Рыскаль вызвал старшину и велел проводить гражданина Зеленцова до выхода. Зеленцов вышел, не прощаясь, вполне уверенный в гибельной ошибке майора. В голове уже мерещились формы мщения, мелькали фамилии должностных лиц, способных осуществить кару… Не знал Валерий Павлович о том, что он – уже не подающий надежды руководитель, а прохвост, и об этом кое-кому известно.
Едва дверь за Зеленцовым закрылась, как зазвонил телефон. Майор поднял трубку и узнал от дежурного, что дозваниваются из девятнадцатого отделения милиции. Некто Демилле Евгений Викторович явился туда и утверждает, что проживал в улетевшем доме. Майор придвинул к себе список, не отнимая трубки от уха. Бешенство еще бурлило в нем.
Ага, вот и Демилле… Незарегистрированный бегун, вот оно как! Тут непрописанный летун, там незарегистрированный бегун, мать их ети! А все распутство проклятое! Почему от жены сбежал? Зачем теперь хочет вернуться? Ну нет! Майор решительно пригладил ладонью свое «воронье крыло» – жест этот в Управлении знали. Он означал неколебимую твердость.
– Передайте этому Демилле, чтобы катился колбаской! – прокричал он в трубку. – Не проживает он в доме, жена показала.
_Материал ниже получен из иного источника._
(* Given the scores, the labels are independent and the j-th one is Bernoulli
   with mean y*_i, where s_i is the score of x_j.  If bin i holds m_i of the n
   samples and S_i is the sum of their labels, then
   p^_i (y^_i - y*_i)^2 = (S_i - m_i y*_i)^2 / (n m_i), so by Hoeffding's
   inequality this term exceeds L / (2n) with probability at most 2 e^-L.  A
   union bound over the B bins with L = ln (2B / delta) gives the theorem.  The
   hypothesis |p^_i - p_i| < c p_i is only used to get p_i > 0, without which
   the conditioning event could be null. *)

From HB Require Import structures.
From mathcomp Require Import all_boot all_order all_algebra.
From mathcomp Require Import ring lra.
From mathcomp Require Import reals normedtype sequences derive exp.
Import Order.TTheory GRing.Theory Num.Theory.
Import numFieldNormedType.Exports.
Local Open Scope ring_scope.

Lemma ger0_is_derive_le (R : realType) (f df : R -> R) (a x : R) : a <= x ->
  (forall y, a <= y -> is_derive y 1 f (df y)) -> (forall y, a <= y -> 0 <= df y) ->
  f a <= f x.
Proof.
move=> ax f_df df_ge0.
have f_derivable y : y \in `[a, x] -> derivable f y 1.
  by rewrite in_itv /= => /andP[ay _]; have [] := f_df y ay.
have f_df_in y : y \in `]a, x[ -> is_derive y 1 f (df y).
  by rewrite in_itv /= => /andP[ay _]; apply/f_df/ltW.
have [c] := MVT_segment ax f_df_in (derivable_within_continuous f_derivable).
rewrite in_itv /= => /andP[ac _] /eqP; rewrite subr_eq => /eqP ->.
by rewrite lerDr mulr_ge0 ?df_ge0 ?subr_ge0.
Qed.

Section HoeffdingLemma.
Variables (R : realType) (p : R).
Hypothesis p_ge0 : 0 <= p.

Let D (x : R) := p * expR x + (1 - p).
Let h (x : R) := p + x / 4 - p * expR x / D x.
Let G (x : R) := expR (p * x + x ^+ 2 / 8) / D x.

Let D_ge1 x : 0 <= x -> 1 <= D x.
Proof.
move=> x_ge0; have := p_ge0; have : 1 <= expR x by rewrite -expR0 ler_expR.
rewrite /D; nra.
Qed.

Let D_neq0 x : 0 <= x -> D x != 0.
Proof. by move=> x_ge0; rewrite gt_eqF // (lt_le_trans ltr01) ?D_ge1. Qed.
(* Let $T$ be a tree on $n\ge3$ vertices with distance matrix $M$, and let $C=M\left(\frac{2}{n}J_n-I_n\right)$. Then $C$ is positive definite in the sense that $\mathbf{x}^TC\mathbf{x}>0$ for every nonzero $\mathbf{x}\in\mathbb{R}^n$.
   Context: The distance matrix $M$ of $T$ is the $n\times n$ matrix whose $(i,j)$ entry is the number of edges on the path between vertices $i$ and $j$ of $T$. $J_n$ is the $n\times n$ all-ones matrix and $I_n$ the identity matrix. $C$ need not be symmetric. *)

From HB Require Import structures.
From mathcomp Require Import all_boot all_order all_algebra.
From mathcomp Require Import reals.
Set Implicit Arguments. Unset Strict Implicit. Unset Printing Implicit Defensive.
Import Order.TTheory GRing.Theory Num.Theory.

Definition simple_graph (n : nat) (e : rel 'I_n) : Prop :=
  symmetric e /\ irreflexive e.

Definition edge_set (n : nat) (e : rel 'I_n) : {set 'I_n * 'I_n} :=
  [set p : 'I_n * 'I_n | (nat_of_ord p.1 < nat_of_ord p.2)%N && e p.1 p.2].

Definition is_tree (n : nat) (e : rel 'I_n) : Prop :=
  [/\ simple_graph e, (forall i j, connect e i j) & #|edge_set e| = n.-1].

Definition walk_of_length (n : nat) (e : rel 'I_n) (k : nat) (i j : 'I_n) : bool :=
  [exists p : k.-tuple 'I_n, path e i p && (last i p == j)].

Definition gdist (n : nat) (e : rel 'I_n) (i j : 'I_n) : nat :=
  find (fun k => walk_of_length e k i j) (iota 0 n).

Definition dist_matrix (R : pzRingType) (n : nat) (e : rel 'I_n) : 'M[R]_n :=
  \matrix_(i, j) ((gdist e i j)%:R)%R.

From mathcomp Require Import all_boot all_order all_algebra.
From mathcomp Require Import reals.
From mathcomp Require Import zify ring.
Import Order.TTheory GRing.Theory Num.Theory.
Set Implicit Arguments. Unset Strict Implicit. Unset Printing Implicit Defensive.

(* Every edge of a tree splits the vertices into two sides; take one side [A]
   as a cut.  Two vertices are at distance the number of cuts separating them,
   so the distance matrix is the sum of the cut matrices
   [K_A i j = [(i \in A) != (j \in A)]].  If [a] and [b] are the sums of the
   entries of [x] over [A] and its complement, then
   [x^T K_A x = 2ab] and [x^T K_A J x = (a |~A| + b |A|)(a + b)], whence
   [x^T K_A (2/n J - I) x = 2/n (|~A| a^2 + |A| b^2) >= 0].  If the total
   vanishes, [x] sums to zero on the vertex set and on every cut, and these
   sets span all of R^n, so [x = 0].  The cut decomposition is built by
   induction, removing a pendant vertex, whose existence follows from the
   edge count. *)

(* These properties characterise the graph distance of a connected graph, and
   they are inherited by the graph with a pendant vertex removed. *)
Record bfs_distance (V : finType) (e : rel V) (d : V -> V -> nat) : Prop :=
  BfsDistance {
    dist_refl : forall i, d i i = 0;
    dist_edge : forall i w j, e w j -> d i j <= (d i w).+1;
    dist_pred : forall i j, i != j -> exists2 w, e w j & (d i w).+1 = d i j }.

Section BfsDistance.
Variables (V : finType) (e : rel V) (d : V -> V -> nat).
Hypothesis bfs_d : bfs_distance e d.

Lemma bfs_dist_triangle i j k : d i k <= d i j + d j k.
Proof.
elim: {k}(d j k) {-2}k (erefl (d j k)) => [|m IH] k djk.
  case: (eqVneq j k) => [<-|njk]; first by rewrite (dist_refl bfs_d) addn0.
  by have [w _] := dist_pred bfs_d njk; rewrite djk.
case: (eqVneq j k) => [<-|njk]; first by rewrite (dist_refl bfs_d) addn0.
have [w ewk dwk] := dist_pred bfs_d njk.
have := IH w (eq_add_S _ _ (etrans dwk djk)); have := dist_edge bfs_d i ewk; lia.
Qed.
Никаких сведений о семье не сообщать!
Вот так – отчасти благодаря Зеленцову – решилась судьба Евгения Викторовича. Слова майора покатились по служебным каналам и достигли незарегистрированного бегуна в несколько смягченном виде, но с неизменной сутью.
…Я не буду описывать дальнейшую деятельность майора в субботу; скажу только, что он вернулся домой в первом часу ночи, чрезвычайно усталый, но удовлетворенный работой. Сделано было много, еще больше предстояло сделать. Он уже мысленно сроднился с домом и, ложась в ту же ночь рядом с женою Клавой, рассказал ей всю правду (он всегда рассказывал ей правду о служебных делах, знал – Клава не подведет). Добавил, что жить им, вероятно, придется в доме на Безымянной.
Клава вздохнула, но лишь теснее прижалась к Игорю Сергеевичу. Майор знал, что так оно и будет – с войны были вместе.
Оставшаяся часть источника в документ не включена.